> [EXERCISE DESCRIPTION]:
Check each line of the material below, and copy it if it holds the string "Vtrans".

> [THE RECORDS]:
Lemma U_quotient_eigenvalue (x a0 a1 aw ah au ae : R) :
  ah + 2 * au + ae = x * a0 ->
  k * aw + ah + 2 * au = x * a1 ->
  a1 + (k - 1) * aw + ah + 2 * au + ae = x * aw ->
  a0 + a1 + k * aw = x * ah ->
  a0 + a1 + k * aw + ae = x * au ->
  a0 + k * aw + 2 * au = x * ae ->
  aw != 0 -> eigenvalue (adjmx R (compl (U_graph p 3))) x.
Proof.
have := U_lift_vertices a0 a1 aw ah au ae; have := U_lift_leaf a0 a1 aw ah au ae.
move: (U_lift a0 a1 aw ah au ae) => f f_leaf [f0 f1 fh fe [fu2 fu3]].
have sum_f : \sum_(0 <= i < NU) f i = a0 + a1 + k * aw + ah + 2 * au + ae.
  by rewrite U_total_sum (sum_leaves f_leaf) f0 f1 fh fu2 fu3 fe; ring.
move=> e0 e1 ew eh eu ee aw_neq0.
apply: (compl_eigenvalue U_graphE adjU_irr (f := f)); last first.
  have leaf2 : (2 <= 2 <= p)%N := ltnW p_ge3.
  by exists 2%N; rewrite ?U_leaf_lt ?f_leaf.
have [U_tri2 U_tri3] := U_nbhd_tri f.
move=> j /U_vertex_cases [->|[->|[jw|[->|[->|[->|->]]]]]]; rewrite sum_f.
- by rewrite U_nbhd_center (sum_leaves f_leaf) f0 f1; lra.
- by rewrite U_nbhd_link f0 f1 fe; lra.
- by rewrite U_nbhd_leaf // f_leaf // f0; lra.
- by rewrite U_nbhd_hub fh fu2 fu3 fe; lra.
- by rewrite U_tri2 fh fu2 fu3; lra.
- by rewrite U_tri3 fh fu2 fu3; lra.
- by rewrite U_nbhd_end f1 fh fe; lra.
Qed.

Lemma U_eigenvalue_of_chiU_root (x : R) :
  chiU x k = 0 -> eigU_leaf x != 0 -> eigenvalue (adjmx R (compl (U_graph p 3))) x.
Proof.
move=> chi0 leaf_neq0.
apply: (U_quotient_eigenvalue (a0 := eigU_center x k) (a1 := eigU_link x k)
  (ah := eigU_hub x k) (au := eigU_tri x k) (ae := eigU_end x k) _ _ _ _ _ _ leaf_neq0);
  rewrite /eigU_center /eigU_link /eigU_leaf /eigU_hub /eigU_tri /eigU_end; try ring.
by rewrite -[RHS]addr0 -chi0 /chiU; ring.
Qed.
Lemma shift_not_E z : D z -> ~ E z (pf h z).
Proof. intros Hz H. exact (shift_off z Hz (class_closed _ _ Hz H)). Qed.

Lemma shift2_off z : D z -> ~ D (pf h (pf h z)).
Proof.
  intros Hz Hhhz.
  destruct (class_lt_or _ _ (shift_not_E z Hz)) as [H | H].
  - apply (proj1 (class_lt_trans _ _ _ H (class_lt_act h _ _ Gh H))).
    exact (class_E _ _ Hz Hhhz).
  - apply (proj1 (class_lt_trans _ _ _ (class_lt_act h _ _ Gh H) H)).
    exact (class_E _ _ Hhhz Hz).
Qed.

Variable g : perm O.
Hypothesis Gg : G g.
Hypothesis HgD : forall x, pf g x <> x -> D x.
Hypothesis Hng : ~ is_id g.

Let c := comm (pinvg h) (conj h g).

Lemma exists_moved : exists x, D x /\ pf g x <> x.
Proof.
  destruct (not_all_ex_not _ _ Hng) as (x & Hx). exists x. split; [apply HgD |]; exact Hx.
Qed.

Lemma comm_shift_nontrivial : ~ is_id c.
Proof.
  destruct exists_moved as (x & Hx & Hgx). intro Hid. specialize (Hid x). unfold act, c in Hid.
  rewrite (comm_on_class D g h HgD shift_off x Hx) in Hid.
  exact (moves_sq g x Gg Hgx Hid).
Qed.

Lemma comm_shift_centralizer f : G f -> is_id (comm c f) -> set_fixed D f.
Proof.
  intros Gf Hid. destruct exists_moved as (x & Hx & Hgx).
  pose proof (commute_of_comm_id _ _ Hid) as Hcomm.
  assert (Hcx : pf c x <> x).
  { unfold c. rewrite (comm_on_class D g h HgD shift_off x Hx). exact (moves_sq g x Gg Hgx). }
  pose proof (comm_moves_shift D g h HgD shift_off shift2_off x Hx Hgx) as Hc_hx.
  pose proof (comm_moves_shift_inv D g h HgD shift_off shift2_off x Hx Hgx) as Hc_hinvx.
  assert (Hsupp : forall y, pf c y <> y ->
            E y (pinv h x) \/ E y x \/ E y (pf h x)).
  { intros y Hy. destruct (comm_supp D g h HgD y Hy) as [H | [H | H]].
    - right; left. exact (class_E _ _ H Hx).
    - left. apply (E_act_inv h _ _ Gh). rewrite pf_pinv. exact (class_E _ _ H Hx).
    - right; right. pose proof (E_act h _ _ Gh (class_E _ _ H Hx)) as H'.
      rewrite pf_pinv in H'. exact H'. }
  apply (set_fixed_of_class D gamma f x HD Gf Hx), (class_closed x (pf f x) Hx).
  destruct (class_lt_or _ _ (shift_not_E x Hx)) as [H | H].
  - pose proof (class_lt_act_inv h _ _ Gh H) as H'. rewrite pinv_pf in H'.
    exact (centralizer_fixes_middle_class c f _ x _ Gf Hcomm H' H Hc_hinvx Hcx Hc_hx Hsupp).
  - pose proof (class_lt_act_inv h _ _ Gh H) as H'. rewrite pinv_pf in H'.
    apply (centralizer_fixes_middle_class c f _ x _ Gf Hcomm H H' Hc_hx Hcx Hc_hinvx).
    intros y Hy. destruct (Hsupp y Hy) as [H1 | [H1 | H1]]; tauto.
Qed.

End ShiftedClass.

End ClassOrder.

Section Refinement.
Context {O : Type}.
Variables (le : O -> O -> Prop) (G : perm O -> Prop).

Lemma V_cc a b : convex_congruence le G (V le G a b).
Proof.
  split; [| split; [| split; [| split]]].
  - intros x E (Erefl & _) _. apply Erefl.
  - intros x y H E HE Hab. pose proof HE as (_ & Esym & _). exact (Esym _ _ (H E HE Hab)).
  - intros x y z H1 H2 E HE Hab. pose proof HE as (_ & _ & Etrans & _).
    exact (Etrans _ y _ (H1 E HE Hab) (H2 E HE Hab)).
  - intros x y k Gk H E HE Hab. pose proof HE as (_ & _ & _ & Eact & _).
    exact (Eact _ _ k Gk (H E HE Hab)).
  - intros x y z H Hxz Hzy E HE Hab. pose proof HE as (_ & _ & _ & _ & Econv).
    exact (Econv _ _ _ (H E HE Hab) Hxz Hzy).
Qed.

Lemma V_ab a b : V le G a b a b.
Proof. intros E _ H. exact H. Qed.

Lemma V_min E a b : convex_congruence le G E -> E a b -> forall x y, V le G a b x y -> E x y.
Proof. intros HE Hab x y H. exact (H E HE Hab). Qed.

Lemma V_diag (Hantis : forall x y, le x y -> le y x -> x = y) a x y : V le G a a x y -> x = y.
Proof.
  intro H. apply (H (@eq O)); [| reflexivity].
  split; [| split; [| split; [| split]]]; intros; subst.
  - reflexivity.
  - reflexivity.
  - reflexivity.
  - reflexivity.
  - apply Hantis; assumption.
Qed.

Lemma Q_nontrivial (Hantis : forall x y, le x y -> le y x -> x = y) D g :
  Q le G D g -> ~ is_id g.
Proof.
  intros (_ & alpha & _ & a & b & Hab & Hiff & _) Hid. apply Hab.
  apply (V_diag Hantis alpha). rewrite <- (Hid alpha) at 2. apply Hiff, V_ab.
Qed.

Lemma V_class_sub E D p q :
  convex_congruence le G E -> is_class_of E D -> D p -> D q ->
  forall x, V le G p q p x -> D x.
Proof.
  intros HE (gamma & HD) Hp Hq x Hx. pose proof HE as (_ & Esym & Etrans & _).
  rewrite HD in Hp, Hq |- *. apply Etrans with p; [exact Hp |].
  apply (V_min E p q HE); [apply Etrans with gamma; [apply Esym |]; assumption | exact Hx].
Qed.

Section NoMinimal.
Hypothesis Htr : transitive G.
Hypothesis HnoMin : T_no_minimal le G.

(* A proper subclass of the class of a in V(a,b) is moved, by transitivity, to
   contain a point u; it is the class of u in some V(u,v). *)
Lemma V_finer a b : a <> b ->
  exists u v, u <> v /\ (forall x y, V le G u v x y -> V le G a b x y) /\ ~ V le G u v a b.
Proof.
  intro Hab. pose proof (V_cc a b) as (_ & Vsym & Vtrans & _).
  destruct (HnoMin (fun x => V le G a b a x))
    as (D & (a' & b' & Hab' & u & HD) & Hsub & x0 & Hx0 & Hnx0).
  { exists a, b. split; [exact Hab |]. exists a. tauto. }
  pose proof (V_cc a' b') as (Vrefl' & _ & _ & Vact' & _).
  destruct (Htr a' u) as (k & Gk & Hk).
  assert (Huv : V le G a' b' u (act b' k)).
  { rewrite <- Hk. exact (Vact' _ _ k Gk (V_ab a' b')). }
  assert (Hu : V le G a b a u) by (apply Hsub, HD, Vrefl').
  exists u, (act b' k). split; [| split].
  - intro H. rewrite <- Hk in H. exact (Hab' (pf_inj k _ _ H)).
  - apply V_min; [apply V_cc |]. apply Vtrans with a; [exact (Vsym _ _ Hu) |].
    apply Hsub, HD, Huv.
  - intro H. apply Hnx0, HD.
    apply (V_min _ _ _ (V_cc a' b') Huv), (V_min _ _ _ (V_cc u (act b' k)) H).
    exact (Vtrans _ a _ (Vsym _ _ Hu) Hx0).
Qed.
(* Let $G$ be a group with a conjugation-closed generating set $X$ and let $g\in\mathrm{Mon}(X)$. In the circular topological poset $\mathcal F(G,g,\mathbf S)$, the subspace of maximal elements is homeomorphic to the interval complex $K_g$.
   Context: $\mathrm{Mon}(X)$ is the submonoid of $G$ generated by $X$; for $h\in\mathrm{Mon}(X)$, $\ell(h)$ is the minimal length of a product of elements of $X$ equal to $h$. For $h,g\in\mathrm{Mon}(X)$ write $h\le g$ if there is $h'\in\mathrm{Mon}(X)$ with $hh'=g$ and $\ell(h)+\ell(h')=\ell(g)$; $P_g=[1,g]=\{h:h\le g\}$ is a bounded graded poset of height $\ell(g)$. Order complex and interval complex: $O_g$ is the order complex of $[1,g]$ (a $k$-simplex, with ordered vertices, for each chain $x_0<\cdots<x_k$), metrized so that each maximal simplex (maximal chain $x_0<\cdots<x_n$, $n=\ell(g)$) is the standard orthoscheme $\{0\le y_1\le\cdots\le y_n\le1\}\subset\mathbb R^n$ with $x_i$ at the vertex whose last $i$ coordinates are $1$ and others $0$. $K_g$ is the quotient of $O_g$ obtained by identifying (via the order-preserving affine map) the simplices of chains $x_0<\cdots<x_k$ and $y_0<\cdots<y_k$ whenever $x_{i-1}^{-1}x_i=y_{i-1}^{-1}y_i$ for all $1\le i\le k$. Linear factorizations: a linear factorization of $h\in\mathrm{Mon}(X)$ is a vector $[x_L\ x_1\cdots x_k\ x_R]$ ($k\ge0$) of elements of $\mathrm{Mon}(X)$ with $x_1,\dots,x_k\ne1$, $\ell(x_L)+\sum\ell(x_i)+\ell(x_R)=\ell(h)$, $x_Lx_1\cdots x_kx_R=h$. A $G$-multiset on a set $S$ is a function $S\to G$ trivial at all but finitely many points. A weighted linear factorization of $h$ is a $G$-multiset $\mathbf u$ on $\mathbf I=[0,1]$ such that, with $0<s_1<\dots<s_k<1$ the points of $(0,1)$ where $\mathbf u$ is nontrivial, $P(\mathbf u)=[\mathbf u(0)\ \mathbf u(s_1)\cdots\mathbf u(s_k)\ \mathbf u(1)]$ is a linear factorization of $h$; write $\mathbf u=0^{x_L}s_1^{x_1}\cdots s_k^{x_k}1^{x_R}$. $\mathrm{WFact}(G,h,\mathbf I)$ is the set of these, topologized as follows: with $n=\ell(h)$, identify the weighted linear factorizations of $n$ in $(\mathbb Z,\{1\})$, $0^{a_L}s_1^{a_1}\cdots1^{a_R}$, with the points of $\{0\le y_1\le\cdots\le y_n\le1\}\subset\mathbb R^n$ obtained by listing the multiset ($a_L$ zeros, $a_i$ copies of $s_i$, $a_R$ ones) in nondecreasing order; the map $\mathbf u\mapsto\ell\circ\mathbf u$ is a bijection from each set $\{\mathbf u:P(\mathbf u)=\mathbf x\}$ onto an open face of this orthoscheme, and pulling back the Euclidean metric on these cells gives $\mathrm{WFact}(G,h,\mathbf I)$ the structure of a piecewise-Euclidean complex. Topological posets: $\mathcal F(G,g,\mathbf I)$ is the topological disjoint union $\bigsqcup_{h\in[1,g]}\mathrm{WFact}(G,h,\mathbf I)$, ordered by $\mathbf v\subseteq\mathbf u$ iff $\mathbf v(r)\le\mathbf u(r)$ for all $r\in\mathbf I$. Two elements $0^{x_L}s_1^{x_1}\cdots s_k^{x_k}1^{x_R}$ and $0^{y_L}s_1^{y_1}\cdots s_k^{y_k}1^{y_R}$ are equivalent if $x_i=y_i$ for $1\le i\le k$ and $gx_Rg^{-1}x_L=gy_Rg^{-1}y_L$; $\mathcal F(G,g,\mathbf S)$ is the set of equivalence classes with the quotient topology and the order $[\mathbf v]\le[\mathbf u]$ iff $\mathbf v'\subseteq\mathbf u'$ for some representatives. *)

From Stdlib Require Import Reals List Arith Lia Sorting.Sorted.
Import ListNotations.
Set Implicit Arguments.
Open Scope R_scope.

Record Group := {
  gcar :> Type;
  gmul : gcar -> gcar -> gcar;
  gone : gcar;
  ginv : gcar -> gcar;
  gmulA : forall a b c, gmul a (gmul b c) = gmul (gmul a b) c;
  gmul1 : forall a, gmul gone a = a;
  gmulV : forall a, gmul (ginv a) a = gone }.

Section Defs.
Variable G : Group.
Variable X : G -> Prop.

Local Notation "a *g b" := (gmul G a b) (at level 40, left associativity).
Local Notation one := (gone G).

Definition prodl (l : list G) : G := fold_right (gmul G) one l.

Definition conj_closed : Prop :=
  forall x z : G, X x -> X (z *g x *g ginv G z).
Definition generates : Prop :=
  forall z : G, exists l : list (bool * G),
    Forall (fun p : bool * G => X (snd p)) l /\
    prodl (map (fun p : bool * G => if fst p then snd p else ginv G (snd p)) l) = z.

Definition word (w : list G) : Prop := Forall X w.

Definition Mon (h : G) : Prop := exists w, word w /\ prodl w = h.
Definition ell (h : G) (n : nat) : Prop :=
  (exists w, word w /\ prodl w = h /\ length w = n) /\
  (forall w, word w -> prodl w = h -> (n <= length w)%nat).

Definition le (h g : G) : Prop :=
  Mon h /\ exists h', Mon h' /\ h *g h' = g /\
    exists a b c, ell h a /\ ell h' b /\ ell g c /\ (a + b = c)%nat.
Definition lt (h g : G) : Prop := le h g /\ h <> g.

Definition reduced (h : G) (w : list G) : Prop :=
  word w /\ prodl w = h /\ ell h (length w).

Definition linfact (h xL : G) (xs : list G) (xR : G) : Prop :=
  Forall Mon (xL :: xs ++ [xR]) /\ Forall (fun x => x <> one) xs /\
  (exists ns : list nat, Forall2 ell (xL :: xs ++ [xR]) ns /\
      ell h (list_sum ns)) /\
  prodl (xL :: xs ++ [xR]) = h.

(** weighted linear factorizations: G-multisets u on I = [0,1]
    (encoded as functions R -> G that are trivial outside [0,1]) *)
Definition wfact (h : G) (u : R -> G) : Prop :=
  (forall r, ~ (0 <= r <= 1) -> u r = one) /\
  exists s : list R,
    Sorted Rlt s /\ Forall (fun r => 0 < r < 1) s /\
    (forall r, 0 < r < 1 -> (u r <> one <-> In r s)) /\
    linfact h (u 0) (map u s) (u 1).

(** the standard orthoscheme {0 <= y_1 <= ... <= y_n <= 1}, coordinates
    indexed 1..n *)
Definition inDelta (n : nat) (y : nat -> R) : Prop :=
  (forall j, (1 <= j <= n)%nat -> 0 <= y j <= 1) /\
  (forall j, (1 <= j < n)%nat -> y j <= y (S j)).

Definition cellopen (n : nat) (P : (nat -> R) -> Prop) : Prop :=
  forall y, inDelta n y -> P y ->
    exists eps, 0 < eps /\
      forall z, inDelta n z ->
        (forall j, (1 <= j <= n)%nat -> Rabs (z j - y j) < eps) -> P z.

(** characteristic map of the (maximal) cell of WFact(G,h,I) given by
    a reduced word w of h: the j-th letter sits at position y_j *)
Definition Phi (w : list G) (y : nat -> R) : R -> G := fun r =>
  prodl (map (fun j => nth (j - 1) w one)
     (filter (fun j => if Req_EM_T (y j) r then true else false)
             (seq 1 (length w)))).

Variable g : G.

(** points of F(G,g,I) = disjoint union over h in [1,g] of WFact(G,h,I) *)
Definition inF (p : G * (R -> G)) : Prop :=
  le one (fst p) /\ le (fst p) g /\ wfact (fst p) (snd p).

Definition equivF (p q : G * (R -> G)) : Prop :=
  (forall r, 0 < r < 1 -> snd p r = snd q r) /\
  g *g snd p 1 *g ginv G g *g snd p 0 = g *g snd q 1 *g ginv G g *g snd q 0.

(** points of F(G,g,S) : equivalence classes *)
Definition FSpt : Type :=
  { A : G * (R -> G) -> Prop |
      exists p, inF p /\ A = (fun q => inF q /\ equivF p q) }.

(** quotient topology (of the disjoint union of the weak topologies
    of the complexes WFact(G,h,I)) *)
Definition FSopen (V : FSpt -> Prop) : Prop :=
  forall h w, le one h -> le h g -> reduced h w ->
    cellopen (length w)
      (fun y => exists A : FSpt, V A /\ proj1_sig A (h, Phi w y)).

Definition subF (p q : G * (R -> G)) : Prop :=
  forall r, 0 <= r <= 1 -> le (snd p r) (snd q r).

Definition leFS (A B : FSpt) : Prop :=
  exists p q, proj1_sig A p /\ proj1_sig B q /\ subF p q.

Definition maximalFS (A : FSpt) : Prop :=
  forall B : FSpt, leFS A B -> B = A.

Definition MaxPt : Type := { A : FSpt | maximalFS A }.

Definition MaxOpen (U : MaxPt -> Prop) : Prop :=
  exists V, FSopen V /\ forall a : MaxPt, U a <-> V (proj1_sig a).

Definition maxchain (n : nat) (c : list G) : Prop :=
  length c = S n /\ nth 0 c one = one /\ nth n c one = g /\
  (forall i, (i <= n)%nat -> le one (nth i c one) /\ le (nth i c one) g) /\
  (forall i, (i < n)%nat -> lt (nth i c one) (nth (S i) c one)).

(** barycentric weight of vertex x_i (placed at the point whose last i
    coordinates are 1) at the point y of the orthoscheme *)
Definition yext (n : nat) (y : nat -> R) (j : nat) : R :=
  if Nat.eqb j 0 then 0 else if Nat.eqb j (S n) then 1 else y j.
Definition bary (n : nat) (y : nat -> R) (i : nat) : R :=
  yext n y (S n - i) - yext n y (n - i).

Definition supp (n : nat) (y : nat -> R) : list nat :=
  filter (fun i => if Rlt_dec 0 (bary n y i) then true else false)
         (seq 0 (S n)).

Fixpoint incs (c : list G) (idx : list nat) : list G :=
  match idx with
  | i :: ((j :: _) as rest) =>
      (ginv G (nth i c one) *g nth j c one) :: incs c rest
  | _ => []
  end.

(** A point of O_g lies in the interior of the simplex of its support
    chain; K_g identifies two points iff these support chains have the
    same successive increments x_{i-1}^{-1} x_i and the points have the
    same barycentric coordinates.  [Dsc] computes this datum. *)
Definition Dsc (n : nat) (c : list G) (y : nat -> R) : list R * list G :=
  (map (bary n y) (supp n y), incs c (supp n y)).

Definition Kpt : Type :=
  { d : list R * list G |
      exists n c y, ell g n /\ maxchain n c /\ inDelta n y /\ Dsc n c y = d }.

(** quotient of the weak topology of O_g (glued from its maximal
    orthoschemes) *)
Definition Kopen (V : Kpt -> Prop) : Prop :=
  forall n c, ell g n -> maxchain n c ->
    cellopen n (fun y => exists d : Kpt, V d /\ proj1_sig d = Dsc n c y).

End Defs.

Definition homeomorphic (A B : Type) (openA : (A -> Prop) -> Prop)
  (openB : (B -> Prop) -> Prop) : Prop :=
  exists f : A -> B,
    (exists f' : B -> A, (forall a, f' (f a) = a) /\ (forall b, f (f' b) = b)) /\
    (forall V, openB V -> openA (fun a => V (f a))) /\
    (forall U, openA U -> openB (fun b => exists a, U a /\ f a = b)).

> [OUTPUT BELOW]:
  intro Hab. pose proof (V_cc a b) as (_ & Vsym & Vtrans & _).
  - apply V_min; [apply V_cc |]. apply Vtrans with a; [exact (Vsym _ _ Hu) |].
    exact (Vtrans _ a _ (Vsym _ _ Hu) Hx0).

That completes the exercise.